Speaking of Java List, I think there are ArrayList and LinkedList, so I would like to take a look at the contents. The following is an excerpt of only the part related to the addition and acquisition of elements (data).

ArrayList ArrayList internally holds element information as an array.

`ArrayList.class`


package java.util;

public class ArrayList<E> extends AbstractList<E>
        implements List<E>, RandomAccess, Cloneable, java.io.Serializable
{

    private static final int DEFAULT_CAPACITY = 10;

    private static final Object[] DEFAULTCAPACITY_EMPTY_ELEMENTDATA = {};

    transient Object[] elementData;

    private int size;

    public ArrayList() {
        this.elementData = DEFAULTCAPACITY_EMPTY_ELEMENTDATA;
    }

    /*Omission*/

    public boolean add(E e) {
        ensureCapacityInternal(size + 1);  // Increments modCount!!
        elementData[size++] = e;
        return true;
    }

    private void ensureCapacityInternal(int minCapacity) {
        if (elementData == DEFAULTCAPACITY_EMPTY_ELEMENTDATA) {
            minCapacity = Math.max(DEFAULT_CAPACITY, minCapacity);
        }

        ensureExplicitCapacity(minCapacity);
    }

    private void ensureExplicitCapacity(int minCapacity) {
        modCount++;

        // overflow-conscious code
        if (minCapacity - elementData.length > 0)
            grow(minCapacity);
    }

    private void grow(int minCapacity) {
        // overflow-conscious code
        int oldCapacity = elementData.length;
        int newCapacity = oldCapacity + (oldCapacity >> 1);
        if (newCapacity - minCapacity < 0)
            newCapacity = minCapacity;
        if (newCapacity - MAX_ARRAY_SIZE > 0)
            newCapacity = hugeCapacity(minCapacity);
        // minCapacity is usually close to size, so this is a win:
        elementData = Arrays.copyOf(elementData, newCapacity);
    }

    public E get(int index) {
        rangeCheck(index);

        return elementData(index);
    }

    E elementData(int index) {
        return (E) elementData[index];
    }

    /*Omission*/

}

elementData is an array of element information.

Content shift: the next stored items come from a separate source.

(* Let $S^t$ ($t\ge 0$) be a continuous semidynamical system on a complete metric space $(X,d)$. Assume that for some $h>0$ and every bounded set $A\subset X$ the set $A(h)$ is either empty or precompact. Suppose there exist two disjoint compact invariant sets $K_1,K_2\subset X$ such that $d(S^tx,K_2)\to 0$ as $t\to+\infty$ for every $x\in X\setminus K_1$. If the set $F_\varepsilon=\{x\in X: d(x,K_1)=\varepsilon\}$ is nonempty for every sufficiently small $\varepsilon>0$, then there exists at least one complete orbit $\psi$ of $S^t$ with $\alpha(\psi)\subset K_1$ and $\omega(\psi)\subset K_2$.
   Context: For $A\subset X$ and $h>0$, $A(h)=\{x\in A:\ x=S^hz \text{ and } S^uz\in A \text{ for all } u\in[0,h], \text{ for some } z\in A\}$. A complete orbit is a continuous map $\psi:\mathbb{R}\to X$ with $S^a\psi(t)=\psi(t+a)$ for all $a\ge0$, $t\in\mathbb{R}$. Its $\alpha$-limit set is $\alpha(\psi)=\bigcap_{q\le 0}\overline{\{\psi(s):s\le q\}}$ and its $\omega$-limit set is $\omega(\psi)=\bigcap_{q\ge0}\overline{\{\psi(s):s\ge q\}}$. *)

From Stdlib Require Import Reals.
Open Scope R_scope.

Section MetricDefs.
Context {X : Type} (d : X -> X -> R).

Definition is_metric : Prop :=
  (forall x y, 0 <= d x y) /\
  (forall x y, d x y = 0 <-> x = y) /\
  (forall x y, d x y = d y x) /\
  (forall x y z, d x z <= d x y + d y z).

Definition seq_cvg (u : nat -> X) (x : X) : Prop :=
  forall e, 0 < e -> exists N, forall n, (N <= n)%nat -> d (u n) x < e.

Definition cauchy_seq (u : nat -> X) : Prop :=
  forall e, 0 < e -> exists N, forall m n, (N <= m)%nat -> (N <= n)%nat ->
    d (u m) (u n) < e.

Definition complete_space : Prop :=
  forall u : nat -> X, cauchy_seq u -> exists x, seq_cvg u x.

Definition subseq (phi : nat -> nat) : Prop :=
  forall n, (phi n < phi (S n))%nat.

(* (sequential) compactness, equivalent to compactness in metric spaces *)
Definition seq_compact (K : X -> Prop) : Prop :=
  forall u : nat -> X, (forall n, K (u n)) ->
    exists phi x, subseq phi /\ K x /\ seq_cvg (fun n => u (phi n)) x.

Definition mclosure (E : X -> Prop) (x : X) : Prop :=
  forall e, 0 < e -> exists y, E y /\ d x y < e.

Definition precompact (A : X -> Prop) : Prop := seq_compact (mclosure A).

Definition bounded_set (A : X -> Prop) : Prop :=
  exists x0 r, forall x, A x -> d x0 x <= r.

Definition is_inf (E : R -> Prop) (r : R) : Prop :=
  (forall y, E y -> r <= y) /\
  (forall r', (forall y, E y -> r' <= y) -> r' <= r).

Definition dist_set_eq (x : X) (A : X -> Prop) (r : R) : Prop :=
  is_inf (fun y => exists a, A a /\ y = d x a) r.

Definition dist_to_set_tends_to_0 (f : R -> X) (A : X -> Prop) : Prop :=
  forall e, 0 < e -> exists T, forall t, T <= t ->
    exists a, A a /\ d (f t) a < e.

End MetricDefs.

Section Semiflow.
Context {X : Type} (d : X -> X -> R) (S : R -> X -> X).

(* continuous semidynamical system S^t, t >= 0 (values of S at t < 0 are
   irrelevant); continuity is joint continuity of (t,x) |-> S^t x on
   [0,+oo) x X *)
Definition continuous_semiflow : Prop :=
  (forall x, S 0 x = x) /\
  (forall t s x, 0 <= t -> 0 <= s -> S (t + s) x = S t (S s x)) /\
  (forall t x e, 0 <= t -> 0 < e -> exists delta, 0 < delta /\
     forall t' y, 0 <= t' -> Rabs (t' - t) < delta -> d x y < delta ->
       d (S t x) (S t' y) < e).

Definition A_h (A : X -> Prop) (h : R) (x : X) : Prop :=
  A x /\ exists z, A z /\ x = S h z /\ (forall u, 0 <= u <= h -> A (S u z)).

Definition invariant (K : X -> Prop) : Prop :=
  forall t, 0 <= t -> forall y, K y <-> exists x, K x /\ y = S t x.

Definition complete_orbit (psi : R -> X) : Prop :=
  (forall t e, 0 < e -> exists delta, 0 < delta /\
     forall s, Rabs (s - t) < delta -> d (psi t) (psi s) < e) /\
  (forall a t, 0 <= a -> S a (psi t) = psi (t + a)).

Definition alpha_limit (psi : R -> X) (x : X) : Prop :=
  forall q, q <= 0 -> mclosure d (fun y => exists s, s <= q /\ y = psi s) x.

Definition omega_limit (psi : R -> X) (x : X) : Prop :=
  forall q, 0 <= q -> mclosure d (fun y => exists s, q <= s /\ y = psi s) x.

End Semiflow.

From Stdlib Require Import Reals Lra Lia Classical IndefiniteDescription.
Open Scope R_scope.

(* Let D be the distance to K1 and fix eps > 0 below the minimum of D on K2.
   Take x_n with 0 < D(x_n) < eps and D(x_n) -> 0.  Being attracted to K2, the
   orbit of x_n leaves {D <= eps} at a first exit time t_n, and t_n -> +oo
   because orbits starting close to the compact invariant set K1 stay close to
   it on bounded time intervals.  For fixed s >= 0 the points S^(t_n - s) x_n
   eventually lie in A(h) for A = {D <= eps}, which is bounded, so they
   accumulate; a diagonal extraction over s = 0, h, 2h, ... produces z_m with
   S^h z_(m+1) = z_m, D(z_0) = eps and D <= eps along the orbit segments, and
   these glue into a complete orbit.  Its past stays in {D <= eps}, while every
   point off K1 is eventually pushed beyond eps, so the alpha-limit set lies in
   K1; it starts off K1, so the omega-limit set lies in K2. *)

Lemma inv_INR_succ_small e : 0 < e -> exists N : nat, forall n, (N <= n)%nat -> / (INR n + 1) < e.
Proof.
  intros He. destruct (INR_archimed 1 (/ e)) as [N HN]; [lra|].
  exists N. intros n Hn. apply le_INR in Hn.
  assert (0 < / e) by (apply Rinv_0_lt_compat; lra).
  rewrite <- (Rinv_inv e). apply Rinv_lt_contravar; [|lra].
  apply Rmult_lt_0_compat; lra.
Qed.

Lemma nat_dependent_choice {A : Type} (P : nat -> A -> Prop) (Rel : A -> A -> Prop) (a0 : A) :
  P 0%nat a0 -> (forall m a, P m a -> exists a', P (S m) a' /\ Rel a a') ->
  exists f : nat -> A, forall m, P m (f m) /\ Rel (f m) (f (S m)).
Proof.
  intros H0 Hstep.
  assert (Hnext : forall p : nat * A, exists a',
    P (fst p) (snd p) -> P (S (fst p)) a' /\ Rel (snd p) a').
  { intros [m a]. simpl. destruct (classic (P m a)) as [Hp|Hp].
    - destruct (Hstep m a Hp) as [a' Ha']. exists a'. auto.
    - exists a. intros Hp'. contradiction. }
  destruct (functional_choice _ Hnext) as [next Hnext'].
  set (f := nat_rect (fun _ => A) a0 (fun m a => next (m, a))).
  assert (Hf : forall m, P m (f m)).
  { induction m as [|m IH]; [exact H0|]. exact (proj1 (Hnext' (m, f m) IH)). }
  exists f. intros m. split; [apply Hf|]. exact (proj2 (Hnext' (m, f m) (Hf m))).
Qed.

Lemma subseq_extract (P : nat -> nat -> Prop) :
  (forall k N, exists n, (N <= n)%nat /\ P k n) ->
  exists phi, subseq phi /\ forall k, P k (phi k).
Proof.
  intros H. destruct (H 0%nat 0%nat) as [n0 [_ Hn0]].
  destruct (nat_dependent_choice P (fun n n' => (n < n')%nat) n0 Hn0) as [phi Hphi].
  { intros m n _. destruct (H (S m) (S n)) as [n' [Hn' HP]]. exists n'. split; [exact HP|lia]. }
  exists phi. split; intros k; apply Hphi.
Qed.

Lemma subseq_le phi : subseq phi -> forall n m, (n <= m)%nat -> (phi n <= phi m)%nat.
Proof.
  intros H n m Hnm. induction Hnm; [lia|]. specialize (H m). lia.
Qed.

Lemma subseq_ge_id phi : subseq phi -> forall n, (n <= phi n)%nat.
Proof.
  intros H n. induction n; [lia|]. specialize (H n). lia.
Qed.

Lemma subseq_comp phi psi : subseq phi -> subseq psi -> subseq (fun k => phi (psi k)).
Proof.
  intros H1 H2 n. specialize (H2 n).
  assert (phi (S (psi n)) <= phi (psi (S n)))%nat by (apply subseq_le; auto).
  specialize (H1 (psi n)). lia.
Qed.

Lemma bounded_seq_cvg_subseq (u : nat -> R) (a b : R) : (forall n, a <= u n <= b) ->
  exists phi l, subseq phi /\ a <= l <= b /\
    forall e, 0 < e -> exists N, forall k, (N <= k)%nat -> Rabs (u (phi k) - l) < e.
Proof.
  intros Hu. destruct (Bolzano_Weierstrass u _ (compact_P3 a b) Hu) as [l Hl].
  assert (Hfreq : forall k N, exists n, (N <= n)%nat /\ Rabs (u n - l) < / (INR k + 1)).
  { intros k N. set (r := mkposreal _ (RinvN_pos k)).
    destruct (Hl (disc l r) N) as [p [Hp1 Hp2]].
    - exists r. intros y Hy. exact Hy.
    - exists p. split; auto. }
  destruct (subseq_extract _ Hfreq) as [phi [Hphi Hc]].
  assert (Hcv : forall e, 0 < e -> exists N, forall k, (N <= k)%nat -> Rabs (u (phi k) - l) < e).
  { intros e He. destruct (inv_INR_succ_small e He) as [N HN]. exists N. intros k Hk.
    eapply Rlt_trans; [apply Hc|apply HN; auto]. }
  exists phi, l. repeat split; auto.
  - apply Rnot_lt_le. intros H. destruct (Hcv (a - l)) as [N HN]; [lra|].
    specialize (HN N (le_n _)). specialize (Hu (phi N)). apply Rabs_def2 in HN. lra.
  - apply Rnot_lt_le. intros H. destruct (Hcv (l - b)) as [N HN]; [lra|].
    specialize (HN N (le_n _)). specialize (Hu (phi N)). apply Rabs_def2 in HN. lra.
Qed.

Lemma first_crossing (g : R -> R) (c T : R) :
  (forall t e, 0 <= t -> 0 < e -> exists delta, 0 < delta /\
     forall t', 0 <= t' -> Rabs (t' - t) < delta -> Rabs (g t' - g t) < e) ->
  g 0 < c -> 0 <= T -> c < g T ->
  exists tau, 0 <= tau /\ g tau = c /\ forall s, 0 <= s <= tau -> g s <= c.
Proof.
  intros Hg H0 HT0 HT.
  set (below := fun t => 0 <= t /\ forall s, 0 <= s <= t -> g s < c).
  assert (Hbound : bound below).
  { exists T. intros t [Ht Hs]. apply Rnot_lt_le. intros H. specialize (Hs T ltac:(lra)). lra. }
  assert (Hbelow0 : below 0).
  { split; [lra|]. intros s Hs. replace s with 0 by lra. exact H0. }
  destruct (completeness below Hbound (ex_intro _ 0 Hbelow0)) as [tau [Hub Hlub]].
  assert (Htau0 : 0 <= tau) by (apply Hub; exact Hbelow0).
  assert (Hbefore : forall s, 0 <= s < tau -> g s < c).
  { intros s Hs. apply NNPP. intros Hn. assert (tau <= s); [|lra].
    apply Hlub. intros t [_ Ht]. apply Rnot_lt_le. intros H. apply Hn, Ht. lra. }
  assert (Hle : g tau <= c).
  { apply Rnot_lt_le. intros Habove.
    destruct (Hg tau (g tau - c)) as [eta [Heta Hc]]; [lra|lra|].
    destruct (Req_dec tau 0) as [E|E]; [rewrite E in Habove; lra|].
    set (s := Rmax 0 (tau - eta / 2)).
    assert (0 <= s) by apply Rmax_l.
    assert (s < tau) by (apply Rmax_lub_lt; lra).
    assert (tau - eta / 2 <= s) by apply Rmax_r.
    specialize (Hc s ltac:(lra) ltac:(apply Rabs_def1; lra)).
    specialize (Hbefore s ltac:(lra)). apply Rabs_def2 in Hc. lra. }
  assert (Hge : c <= g tau).
  { apply Rnot_lt_le. intros H.
    destruct (Hg tau (c - g tau)) as [eta [Heta Hc]]; [lra|lra|].
    assert (Hbelow : below (tau + eta / 2)).
    { split; [lra|]. intros s Hs. destruct (Rlt_or_le s tau) as [H1|H1]; [apply Hbefore; lra|].
      specialize (Hc s ltac:(lra) ltac:(apply Rabs_def1; lra)). apply Rabs_def2 in Hc. lra. }
    specialize (Hub _ Hbelow). lra. }
  exists tau. split; [exact Htau0|]. split; [lra|]. intros s Hs.
  destruct (Rlt_or_le s tau) as [H1|H1]; [left; apply Hbefore; lra|].
  replace s with tau by lra. exact Hle.
Qed.
Section Metric.
Context {X : Type} (d : X -> X -> R) (Hm : is_metric d).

Elements are added with the add method, and the input elements are stored in elementData. The interesting thing is how to extend the array, but when you store the first element in elementData, an array of 10 length is created by default. After that, if you try to store an element that exceeds the length of elementData, an array with a length 1.5 times that of elementData is created and the data is transferred to that array. You're reducing the cost of creating an array instance by creating some play in the array.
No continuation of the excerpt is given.